Пока Монти говорил, его начало трясти, губы и руки дрожали. И вот огонь, на который он смотрел, начал расплываться перед его глазами, в глазах и во рту стало влажно, из глаз хлынуло, из груди вырвался всхлип, и сразу все лицо залилось слезами, слезы со щек капали на пиджак и на пол. Он неловко сполз на пол и, облокотившись на сиденье стула, плакал навзрыд, как ребенок.
Эдгар, смотревший на него ясными горящими глазами, подошел и тоже сел на пол.
- Ладно. Поплачь. Отплачешься и успокоишься.

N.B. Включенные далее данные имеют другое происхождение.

(* Suppose every window sum s_i = f_i + ... + f_(i+k-1) of the cyclic arrangement f
   of 1..n, n = m k, is at most k q + 1, where 2 q = n + 1, and let h_i = k q + 1 - s_i
   be the deficits.  Then h_(i+1) - h_i = f_i - f_(i+k), and the deficits along each
   residue class c mod k sum to m, so the cyclic variation of the m distinct values
   f_(c+jk) is 2m - 2 M_c, with M_c = sum_j min(h_(c+jk), h_(c+jk+1)).  Counting level
   crossings, a cyclic sequence of m distinct numbers has variation at least 2m - 2,
   and at least 2m - 4 + 2P with P peaks (likewise for valleys); hence M_c <= 1 and the
   ascents [f_i < f_(i+k)] change at most 4 - 2 M_c times along the class.
   On the other hand, k being odd, if the ascents at i and i + k agree then two
   consecutive ascents among i, ..., i + k agree, and this forces two consecutive
   positive deficits.  Summing both counts over all i gives
   m k <= 4k + (2k - 2) sum_c M_c <= 2k^2 + 2k, i.e. m <= 2k + 2. *)

Definition periodic (T : Type) (N : nat) (g : nat -> T) := forall y, g (y + N) = g y.

Section Periodic.
Variables (T : Type) (N : nat) (g : nat -> T).
Hypothesis g_per : periodic N g.

Lemma periodic_addnM r q : g (r + q * N) = g r.
Proof.
elim: q => [|q IH]; first by rewrite addn0.
by rewrite mulSn (addnC N) addnA g_per IH.
Qed.

Lemma periodic_mod y : g y = g (y %% N).
Proof. by rewrite {1}(divn_eq y N) addnC periodic_addnM. Qed.

Lemma periodic_reach x y : 0 < N -> exists2 d, d < N & g (x + d) = g y.
Proof.
move=> N_gt0; rewrite (periodic_mod y).
have x_mod := ltn_pmod x N_gt0; have y_mod := ltn_pmod y N_gt0.
have x_div := divn_eq x N.
case: (leqP (x %% N) (y %% N)) => x_le_y.
  exists (y %% N - x %% N); first lia.
  by rewrite -(periodic_addnM (y %% N) (x %/ N)); congr g; lia.
exists (y %% N + N - x %% N); first lia.
by rewrite -(periodic_addnM (y %% N) (x %/ N).+1) mulSn; congr g; lia.
Qed.

End Periodic.

Lemma sum_periodic_shift N (g : nat -> nat) x :
  periodic N g -> \sum_(i < N) g (x + i) = \sum_(i < N) g i.
Proof.
move=> g_per; elim: x => [|x IH]; first by apply: eq_bigr => i _; rewrite add0n.
rewrite -IH; case: N g_per {IH} => [|N] g_per; first by rewrite !big_ord0.
rewrite big_ord_recr big_ord_recl /= addn0 addnC addSnnS g_per.
by congr (_ + _); apply: eq_bigr => i _; rewrite addSnnS.
Qed.

Lemma sum_periodic_succ N (g : nat -> nat) :
  periodic N g -> \sum_(i < N) g i.+1 = \sum_(i < N) g i.
Proof. by move=> g_per; rewrite -(sum_periodic_shift 1 g_per). Qed.

Lemma periodic_argmin N (a : nat -> nat) : 0 < N -> periodic N a ->
  exists2 l, l < N & forall j, a l <= a j.
Proof.
move=> N_gt0 a_per.
case: (@arg_minnP _ (Ordinal N_gt0) xpredT (fun i : 'I_N => a i) isT) => i _ min_i.
by exists i => // j; rewrite (periodic_mod a_per j); exact: (min_i (Ordinal (ltn_pmod j N_gt0))).
Qed.

Lemma periodic_argmax N (a : nat -> nat) : 0 < N -> periodic N a ->
  exists2 l, l < N & forall j, a j <= a l.
Proof.
move=> N_gt0 a_per.
case: (@arg_maxnP _ (Ordinal N_gt0) xpredT (fun i : 'I_N => a i) isT) => i _ max_i.
by exists i => // j; rewrite (periodic_mod a_per j); exact: (max_i (Ordinal (ltn_pmod j N_gt0))).
Qed.

Lemma sum_neq_add_eq (T : finType) (u v : T -> bool) :
  \sum_(i : T) (u i != v i) + \sum_(i : T) (u i == v i) = #|T|.
Proof. by rewrite -big_split -sum1_card; apply: eq_bigr => i _; case: (_ == _). Qed.

Section SignChanges.
Variable b : nat -> bool.

Definition changes x d := \sum_(t < d) (b (x + t) != b (x + t).+1).

Lemma changesD x d e : changes x (d + e) = changes x d + changes (x + d) e.
Proof. by rewrite /changes big_split_ord; congr (_ + _); apply: eq_bigr => t _; rewrite addnA. Qed.

Lemma changes_parity x d : b (x + d) = b x (+) odd (changes x d).
Proof.
elim: d => [|d IH]; first by rewrite addn0 /changes big_ord0 addbF.
rewrite /changes big_ord_recr /= -/(changes x d) oddD addbA -IH addnS.
by case: (b (x + d)); case: (b (x + d).+1).
Qed.

Lemma changes_ge x d : (b x != b (x + d)) <= changes x d.
Proof.
elim: d => [|d IH]; first by rewrite addn0 eqxx.
rewrite /changes big_ord_recr /= -/(changes x d) addnS.
apply: leq_trans (leq_add IH (leqnn _)).
by case: (b x); case: (b (x + d)); case: (b (x + d).+1).
Qed.

Lemma odd_shift_eq_le k x : odd k ->
  (b x == b (x + k)) <= \sum_(t < k) (b (x + t) == b (x + t).+1).
Proof.
move=> k_odd.
have split_k : changes x k + \sum_(t < k) (b (x + t) == b (x + t).+1) = k.
  exact: etrans (sum_neq_add_eq _ _) (card_ord k).
case: (ltnP (changes x k) k) => [lt_k | ge_k].
  by apply: leq_trans (leq_b1 _) _; lia.
have all_change : changes x k = k by lia.
by rewrite changes_parity all_change k_odd; case: (b x).
Qed.

Variable N : nat.
Hypothesis b_per : periodic N b.

Lemma cyclic_changesE x : \sum_(t < N) (b t != b t.+1) = changes x N.
Proof.
rewrite /changes (@sum_periodic_shift N (fun t => nat_of_bool (b t != b t.+1))) //.
by move=> y /=; rewrite b_per -addSn b_per.
Qed.

Lemma cyclic_changes_ge2 x d : d <= N -> b x != b (x + d) ->
  2 <= \sum_(t < N) (b t != b t.+1).
Proof.
move=> d_le bxd; rewrite (cyclic_changesE x) -(subnKC d_le) changesD.
have := changes_ge x d; have := changes_ge (x + d) (N - d).
by rewrite -addnA subnKC // b_per eq_sym bxd; lia.
Qed.

Lemma cyclic_changes_ge4 x d : 1 < d < N.-1 ->
  b x -> ~~ b (x + 1) -> b (x + d) -> ~~ b (x + N.-1) ->
  4 <= \sum_(t < N) (b t != b t.+1).
Proof.
move=> /andP[d_gt1 d_lt] bx bx1 bxd bxN.
rewrite (cyclic_changesE x) (_ : N = 1 + (d - 1) + (N.-1 - d) + 1); last by lia.
rewrite !changesD !addnA.
have := changes_ge x 1; have := changes_ge (x + 1) (d - 1).
have := changes_ge (x + 1 + (d - 1)) (N.-1 - d).
have := changes_ge (x + 1 + (d - 1) + (N.-1 - d)) 1.
rewrite (_ : x + 1 + (d - 1) = x + d); last by lia.
rewrite (_ : x + d + (N.-1 - d) = x + N.-1); last by lia.
rewrite (_ : x + N.-1 + 1 = x + N); last by lia.
by rewrite b_per bx (negbTE bx1) bxd (negbTE bxN) /=; lia.
Qed.

End SignChanges.

Section DistinctValues.
Variables (m : nat) (a : nat -> nat).
Hypothesis a_inj : forall i j, i < m -> j < m -> a i = a j -> i = j.

Lemma sum_eq_le1 u : \sum_(l < m) (a l == u) <= 1.
Proof.
case: (pickP (fun l : 'I_m => a l == u)) => [l0 /eqP al0 | none]; last first.
  by rewrite big1 // => l _; rewrite none.
rewrite (bigD1 l0) //= al0 eqxx big1 // => l l_neq.
case: eqP => // al; case/eqP: l_neq; apply: val_inj.
by apply: a_inj; rewrite /= ?ltn_ord // al al0.
Qed.

Lemma sum_in_interval_le lo d : \sum_(l < m) (lo < a l <= lo + d) <= d.
Proof.
elim: d => [|d IH]; first by rewrite big1 // => l _; lia.
apply: (@leq_trans (\sum_(l < m) ((lo < a l <= lo + d) + (a l == lo + d.+1)))).
  by apply: leq_sum => l _; lia.
by rewrite big_split /= -[d.+1]addn1 leq_add // sum_eq_le1.
Qed.

Lemma sum_between_le x y : \sum_(l < m) ((a l <= x) != (a l <= y)) <= `|x - y|.
Proof.
wlog le_xy : x y / x <= y.
  move=> le_sum; case: (leqP x y) => [/le_sum // | /ltnW/le_sum].
  by rewrite distnC; under eq_bigr do rewrite eq_sym.
apply: leq_trans (leq_trans _ (sum_in_interval_le x (y - x))) _; last lia.
by apply: leq_sum => l _; lia.
Qed.

End DistinctValues.

Section CyclicSequence.
Variables (m : nat) (a : nat -> nat).

Definition variation := \sum_(j < m) `|a j - a j.+1|.
Definition peaks := \sum_(j < m) ((a j < a j.+1) && (a j.+2 < a j.+1)).
Definition valleys := \sum_(j < m) ((a j.+1 < a j) && (a j.+1 < a j.+2)).

Hypotheses (m_gt0 : 0 < m) (a_per : periodic m a)
  (a_inj : forall i j, i < m -> j < m -> a i = a j -> i = j).

Let crossings v := \sum_(j < m) ((v <= a j) != (v <= a j.+1)).

Let sum_crossings_le_variation : \sum_(l < m) crossings (a l.+1) <= variation.
Proof.
rewrite (@sum_periodic_succ m (fun l => crossings (a l))); last by move=> y; rewrite /= a_per.
by rewrite /crossings exchange_big /=; apply: leq_sum => j _; exact: sum_between_le.
Qed.

Let sum_succ_eq_le1 u : \sum_(l < m) (a l.+1 == u) <= 1.
Proof.
rewrite (@sum_periodic_succ m (fun l => nat_of_bool (a l == u))) ?sum_eq_le1 //.
by move=> y; rewrite /= a_per.
Qed.

Let crossings_ge2 l j : a j < a l -> 2 <= crossings (a l).
Proof.
move=> lt_jl; have [d d_lt ad] := periodic_reach a_per l j m_gt0.
apply: (@cyclic_changes_ge2 (fun t => a l <= a t) m _ l d (ltnW d_lt)).
  by move=> y /=; rewrite a_per.
by rewrite /= ad leqnn -ltnNge lt_jl.
Qed.

Let crossings_peak_ge4 l j : a l < a l.+1 -> a l.+2 < a l.+1 -> a l.+1 < a j ->
  4 <= crossings (a l.+1).
Proof.
move=> up down lt_j; have [d d_lt ad] := periodic_reach a_per l.+1 j m_gt0.
have a_wrap : a (l.+1 + m.-1) = a l by rewrite (_ : l.+1 + m.-1 = l + m) ?a_per //; lia.
have d_gt1 : 1 < d by case: d ad {d_lt} => [|[|d]] ad //; rewrite ?addn0 ?addn1 in ad; lia.
have d_lt' : d < m.-1.
  rewrite ltn_neqAle -ltnS prednK // d_lt andbT; apply/eqP => d_eq.
  by move: ad; rewrite d_eq a_wrap; lia.
apply: (@cyclic_changes_ge4 (fun t => a l.+1 <= a t) m _ l.+1 d) => /=.
- by move=> y /=; rewrite a_per.
- by rewrite d_gt1 d_lt'.
- exact: leqnn.
- by rewrite addn1 -ltnNge.
- by rewrite ad ltnW.
- by rewrite a_wrap -ltnNge.
Qed.

Let crossings_ge2_min lmin l : (forall j, a lmin <= a j) ->
  2 <= crossings (a l) + 2 * (a l == a lmin).
Proof.
move=> min_l; case: eqP => [_ | ne]; first by rewrite muln1 leq_addl.
rewrite muln0 addn0; apply: (@crossings_ge2 l lmin).
by rewrite ltn_neqAle min_l andbT eq_sym; apply/eqP.
Qed.

Lemma variation_ge : 2 * m <= variation + 2.
Proof.
have [lmin _ min_l] := periodic_argmin m_gt0 a_per.
have : \sum_(l < m) 2 <= \sum_(l < m) (crossings (a l.+1) + 2 * (a l.+1 == a lmin)).
  by apply: leq_sum => l _; exact: crossings_ge2_min.
rewrite sum_nat_const card_ord big_split /= -big_distrr /=.
have := sum_crossings_le_variation; have := sum_succ_eq_le1 (a lmin).
set C := \sum_(l < m) crossings _; set E := \sum_(l < m) _; lia.
Qed.

Lemma variation_ge_peaks : 2 * m + 2 * peaks <= variation + 4.
Proof.
have [lmin _ min_l] := periodic_argmin m_gt0 a_per.
have [lmax _ max_l] := periodic_argmax m_gt0 a_per.
have peak_l l : 2 + 2 * ((a l < a l.+1) && (a l.+2 < a l.+1)) <=
    crossings (a l.+1) + 2 * (a l.+1 == a lmin) + 2 * (a l.+1 == a lmax).
  case: (boolP (_ && _)) => [/andP[up down] | _]; last first.
    by have := crossings_ge2_min l.+1 min_l; lia.
  have ne_min : (a l.+1 == a lmin) = false by apply/eqP; have := min_l l; lia.
  rewrite ne_min; case: eqP => [_ | ne_max]; first by have := crossings_ge2 up; lia.
  have lt_max : a l.+1 < a lmax by rewrite ltn_neqAle max_l andbT; apply/eqP.
  by have := crossings_peak_ge4 up down lt_max; lia.
have : \sum_(l < m) (2 + 2 * ((a l < a l.+1) && (a l.+2 < a l.+1))) <=
    \sum_(l < m) (crossings (a l.+1) + 2 * (a l.+1 == a lmin) + 2 * (a l.+1 == a lmax)).
  by apply: leq_sum => l _; exact: peak_l.
rewrite !big_split /= !big1_eq sum_nat_const card_ord -/peaks.
have := sum_crossings_le_variation.
have := sum_succ_eq_le1 (a lmin); have := sum_succ_eq_le1 (a lmax).
set C := \sum_(l < m) crossings _; set E := \sum_(l < m) _; set F := \sum_(l < m) _; lia.
Qed.

End CyclicSequence.

Lemma variation_ge_valleys m N (a : nat -> nat) : 0 < m -> periodic m a ->
  (forall i j, i < m -> j < m -> a i = a j -> i = j) -> (forall j, a j <= N) ->
  2 * m + 2 * valleys m a <= variation m a + 4.
Proof.
move=> m_gt0 a_per a_inj a_le.
have := @variation_ge_peaks m (fun j => N - a j) m_gt0.
have -> : variation m (fun j => N - a j) = variation m a.
  by apply: eq_bigr => j _; have := a_le j; have := a_le j.+1; lia.
have -> : peaks m (fun j => N - a j) = valleys m a.
  by apply: eq_bigr => j _; have := a_le j; have := a_le j.+1; have := a_le j.+2; lia.
apply.
- by move=> y; rewrite a_per.
- by move=> i j i_lt j_lt eq_ij; apply: a_inj => //; have := a_le i; have := a_le j; lia.
Qed.

Definition window_sum (f : nat -> nat) (k i : nat) := \sum_(j < k) f (i + j).

Lemma window_sum_periodic N (f : nat -> nat) k : periodic N f -> periodic N (window_sum f k).
Proof. by move=> f_per y; apply: eq_bigr => j _; rewrite addnAC f_per. Qed.

Lemma window_sum_succ (f : nat -> nat) k i : 0 < k ->
  window_sum f k i.+1 + f i = window_sum f k i + f (i + k).
Proof.
case: k => [|k] // _; rewrite /window_sum big_ord_recr big_ord_recl /= addn0.
rewrite addnC addnS addSn addnA; congr (_ + _ + _); apply: eq_bigr => j _.
by rewrite addSnnS.
Qed.

Lemma sum_blocks m k (g : nat -> nat) :
  \sum_(i < m * k) g i = \sum_(j < m) \sum_(t < k) g (j * k + t).
Proof.
elim: m => [|m IH]; first by rewrite mul0n !big_ord0.
by rewrite mulSnr big_split_ord IH big_ord_recr.
Qed.

Lemma sum_residue_classes m k (g : nat -> nat) :
  \sum_(i < m * k) g i = \sum_(c < k) \sum_(j < m) g (c + j * k).
Proof.
rewrite sum_blocks exchange_big /=.
by apply: eq_bigr => c _; apply: eq_bigr => j _; rewrite addnC.
Qed.

Section SmallWindows.
Variables (m k q : nat) (f : nat -> nat).
Local Notation n := (m * k).
Hypotheses (k_odd : odd k) (m_gt1 : 1 < m) (f_per : periodic n f)
  (f_inj : forall x y, x < n -> y < n -> f x = f y -> x = y)
  (f_le : forall x, f x <= n) (f_sum : \sum_(i < n) f i = n * q)
  (window_le : forall i, window_sum f k i <= k * q + 1).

Ты молодец, что рассказал мне. Молодец.
Мало-помалу Монти затих и, развернувшись к стулу спиной, стал стирать слезы со щек тыльной стороной руки.
- Поедем со мной в Мокингем, - сказал Эдгар. - Поживи там, пока не надумаешь, что делать дальше. Пожалуйста, Монти. Я, конечно, не бог весть кто, но все-таки старый друг. Я знал Софи - и любил ее. А теперь, после того как ты мне все это рассказал, мне кажется, будто мы с тобой связаны, - ты и я, связаны крепко-накрепко.
- Угу, - сказал Монти своим обычным голосом. - Узами страшной тайны.
- Видишь, ты уже приходишь в себя. Только не надо делать вид, будто ничего не случилось и будто мир не перевернулся - для нас с тобой, сегодня. Он перевернулся, стал совсем другим.
- Да?
- Позволь мне взять тебя за руку и вести - будто ты слеп или хром. Не бойся, на меня можно положиться.